Poor, marginalised to be worst hit; Economic productivity to be jeopardised too
A new report by the World Bank suggests India could soon become one of the first places in the world to experience heatwaves that break the human survivability limit.
Climate Investment Opportunities in India’s Cooling Sector said the country is experiencing higher temperatures that arrive earlier and stay far longer. India has witnessed a concurrent increase in meteorological droughts and heatwaves over the last 60 years, past studies have found.

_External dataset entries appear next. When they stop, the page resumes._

(* Let $\alpha>0$, $\lambda\in\mathbb C$, and $\gamma=1/\sqrt{1+\alpha}$. The equation $$(\lambda^2+\lambda)\varphi+\Big((2\lambda+2)y+\frac{2\alpha}{\sqrt{1+\alpha}+y}\Big)\varphi'+(y^2-1)\varphi''=0 \tag{E1}$$ has a nontrivial solution $\varphi\in C^\infty[-1,1]$ if and only if the equation $$(\lambda^2-\lambda)\psi+\big(2\lambda y'+2\sqrt{1+\alpha}\big)\psi'+(y'^2-1)\psi''=0 \tag{E2}$$ has a nontrivial solution $\psi\in C^\infty[-1,1]$. Moreover, solutions correspond via $$\psi(y')=\Big(\frac{1-\gamma y'}{\sqrt{1-\gamma^2}}\Big)^{-\lambda}\varphi\Big(\frac{y'-\gamma}{1-\gamma y'}\Big).$$
   Context: (E1) is the eigenvalue equation of the linearization at the blow-up profile $U_{\alpha,\infty,\kappa}(s,y)=\alpha s-\alpha\log(\sqrt{1+\alpha}+y)+\kappa$ of the self-similar form of $u_{tt}-u_{xx}=(u_x)^2$; (E2) is the eigenvalue equation of the linearization at its Lorentz transform, which is independent of $y'$. *)

From Stdlib Require Import Reals.
From Coquelicot Require Import Coquelicot.

Open Scope R_scope.

Definition I11 (y : R) : Prop := -1 <= y <= 1.

(** Principal complex power [x ^ z] of a positive real [x]:
    [x ^ z = exp (z * ln x)], written out via Euler's formula. *)
Definition rcpow (x : R) (z : C) : C :=
  (RtoC (exp (Re z * ln x)) *
   (RtoC (cos (Im z * ln x)) + Ci * RtoC (sin (Im z * ln x))))%C.

(** [l] is the derivative of [f : R -> C] at [x] relative to the interval
    [-1,1] (one-sided at the endpoints):
    (f (x+h) - f x)/h --> l as h -> 0, h <> 0, x+h in [-1,1]. *)
Definition is_deriv_I11 (f : R -> C) (x : R) (l : C) : Prop :=
  filterlim (fun h : R => ((f (Rplus x h) - f x) / RtoC h)%C)
    (within (fun h : R => h <> 0 /\ I11 (x + h)) (locally 0))
    (locally l).

(** [D] is a tower of derivatives of [f] on [-1,1]: [D 0 = f] on [-1,1] and
    [D (S n)] is the derivative of [D n] on [-1,1].  Existence of such a
    [D] means [f ∈ C^∞[-1,1]]. *)
Definition deriv_tower (f : R -> C) (D : nat -> R -> C) : Prop :=
  (forall y, I11 y -> D O y = f y) /\
  (forall n y, I11 y -> is_deriv_I11 (D n) y (D (S n) y)).

Definition smooth_I11 (f : R -> C) : Prop := exists D, deriv_tower f D.

Definition nontrivial_I11 (f : R -> C) : Prop := exists y, I11 y /\ f y <> RtoC 0.

Definition solves_E1 (alpha : R) (lam : C) (phi : R -> C) : Prop :=
  exists D, deriv_tower phi D /\
  forall y, I11 y ->
    ((lam * lam + lam) * D O y
     + (RtoC 2 * lam + RtoC 2) * RtoC y * D 1%nat y
     + RtoC (2 * alpha / (sqrt (1 + alpha) + y)) * D 1%nat y
     + RtoC (y * y - 1) * D 2%nat y)%C = RtoC 0.

Definition solves_E2 (alpha : R) (lam : C) (psi : R -> C) : Prop :=
  exists D, deriv_tower psi D /\
  forall y', I11 y' ->
    ((lam * lam - lam) * D O y'
     + (RtoC 2 * lam * RtoC y' + RtoC (2 * sqrt (1 + alpha))) * D 1%nat y'
     + RtoC (y' * y' - 1) * D 2%nat y')%C = RtoC 0.

Definition gam (alpha : R) : R := 1 / sqrt (1 + alpha).

Definition transf (alpha : R) (lam : C) (phi : R -> C) (y' : R) : C :=
  let g := gam alpha in
  (rcpow ((1 - g * y') / sqrt (1 - g * g)) (- lam)
   * phi ((y' - g) / (1 - g * y'))%R)%C.

(* Write [a = sqrt (1 + alpha)], so that [(1 - gam y) / sqrt (1 - gam^2) = (a - y) / sqrt alpha]
   and [(y - gam) / (1 - gam y) = T y] with [T y = (a y - 1) / (a - y)].  [T] is a smooth
   bijection of [-1,1] onto itself with inverse [y |-> (a y + 1) / (a + y)], and
   [transf phi = w * (phi o T)] for the nowhere vanishing weight
   [w y = ((a - y) / sqrt alpha)^(-lam)].
   Since [w' = lam w / (a - y)] and [T' = alpha / (a - y)^2], a direct computation gives
   [E2 (w * (phi o T)) = w T' ((E1 phi) o T)], so [phi] solves (E1) iff [transf phi] solves (E2).
   Smoothness of [transf phi], and of the inverse transform, follows from closure of
   [C^oo[-1,1]] under sums, products and composition with smooth self-maps of [-1,1]. *)

From Stdlib Require Import Reals Lra Psatz ClassicalEpsilon.
From Coquelicot Require Import Coquelicot.
Open Scope R_scope.

(** * Derivatives relative to [-1,1] *)

Notation increments x := (within (fun h : R => h <> 0 /\ I11 (x + h)) (locally 0)).

#[global] Instance increments_filter x : Filter (increments x).
Proof. apply within_filter, locally_filter. Qed.

Lemma ball_0_Rabs (e h : R) : ball 0 e h <-> Rabs h < e.
Proof.
  unfold ball; simpl; unfold AbsRing_ball, abs, minus, plus, opp; simpl.
  rewrite Ropp_0, Rplus_0_r. reflexivity.
Qed.

Lemma increments_proper x : I11 x -> ProperFilter' (increments x).
Proof.
  intros [Hx1 Hx2]. split; [|apply increments_filter].
  intros [[e He] Heps]; simpl in Heps.
  set (d := Rmin (e / 2) 1).
  assert (0 < d) by (apply Rmin_pos; lra).
  assert (d <= e / 2) by apply Rmin_l. assert (d <= 1) by apply Rmin_r.
  destruct (Rle_dec x 0).
  - apply (Heps d); [apply ball_0_Rabs; rewrite Rabs_pos_eq|split; [|split]]; lra.
  - apply (Heps (- d));
      [apply ball_0_Rabs; rewrite Rabs_Ropp, Rabs_pos_eq|split; [|split]]; lra.
Qed.

Lemma filterlim_increments_C (g : R -> C) x l :
  (forall eps : posreal, exists delta : posreal, forall h, h <> 0 -> I11 (x + h) ->
     Rabs h < delta -> Cmod (g h - l) < eps) ->
  filterlim g (increments x) (locally l).
Proof.
  intros H P [eps HP]. destruct (H eps) as [d Hd]. exists d.
  intros h Hh [Hh0 Hxh]. apply HP, C_NormedModule_mixin_compat1, Hd; auto.
  apply ball_0_Rabs, Hh.
Qed.

Lemma filterlim_increments_RtoC (r : R -> R) x m :
  (forall eps : posreal, exists delta : posreal, forall h, h <> 0 -> Rabs h < delta ->
     Rabs (r h - m) < eps) ->
  filterlim (fun h => RtoC (r h)) (increments x) (locally (RtoC m)).
Proof.
  intros H. apply filterlim_increments_C. intros eps. destruct (H eps) as [d Hd].
  exists d. intros h Hh _ Hd'. rewrite <- RtoC_minus, Cmod_R. auto.
Qed.

(* [C] carries two uniform structures: the product one ([C_UniformSpace]) and the
   one induced by [Cmod] (as an [AbsRing]); they have the same neighbourhoods. *)
Lemma locally_C_AbsRing (a : C) (P : C -> Prop) :
  @locally (AbsRing_UniformSpace C_AbsRing) a P <-> @locally C_UniformSpace a P.
Proof.
  split.
  - intros [[e He] H].
    assert (He2 : 0 < e / 2) by lra.
    exists (mkposreal _ He2). intros y Hy. apply H.
    pose proof (C_NormedModule_mixin_compat2 a y (mkposreal _ He2) Hy) as Hn.
    assert (sqrt 2 < 2).
    { rewrite <- (sqrt_square 2) at 2 by lra. apply sqrt_lt_1; lra. }
    assert (0 <= sqrt 2) by apply sqrt_pos.
    change (Cmod (y - a)%C < e). change (Cmod (y - a)%C < sqrt 2 * (e / 2)) in Hn. nra.
  - intros [eps H]. exists eps. intros y Hy. apply H, C_NormedModule_mixin_compat1, Hy.
Qed.

Section Limits.
Context {T : Type} (F : (T -> Prop) -> Prop) {FF : Filter F}.

Lemma filterlim_Cplus (f g : T -> C) a b :
  filterlim f F (locally a) -> filterlim g F (locally b) ->
  filterlim (fun t => f t + g t)%C F (locally (a + b)%C).
Proof.
  intros Hf Hg. apply (filterlim_comp_2 (G := locally a) (H := locally b) f g Cplus); auto.
  exact (@filterlim_plus C_AbsRing C_NormedModule a b).
Qed.

Lemma filterlim_Cmult (f g : T -> C) a b :
  filterlim f F (locally a) -> filterlim g F (locally b) ->
  filterlim (fun t => f t * g t)%C F (locally (a * b)%C).
Proof.
  intros Hf Hg P HP.
  apply (filterlim_comp_2 (G := @locally (AbsRing_UniformSpace C_AbsRing) a)
    (H := @locally (AbsRing_UniformSpace C_AbsRing) b)
    (I := @locally (AbsRing_UniformSpace C_AbsRing) (a * b)%C) f g Cmult).
  - intros Q HQ. apply Hf, locally_C_AbsRing, HQ.
  - intros Q HQ. apply Hg, locally_C_AbsRing, HQ.
  - exact (@filterlim_mult C_AbsRing a b).
  - apply locally_C_AbsRing, HP.
Qed.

The report was released during the two-day “India Climate and Development Partners’ Meet” being organised by the World Bank in partnership with the Kerala government.
India was plunged into the grip of a punishing early spring heatwave in April 2022 that brought the country to a standstill. Temperatures in the capital, New Delhi, topped 46 degrees Celsius.
The month of March, which witnessed extraordinary spikes in temperatures, was the hottest ever recorded, the report reminded.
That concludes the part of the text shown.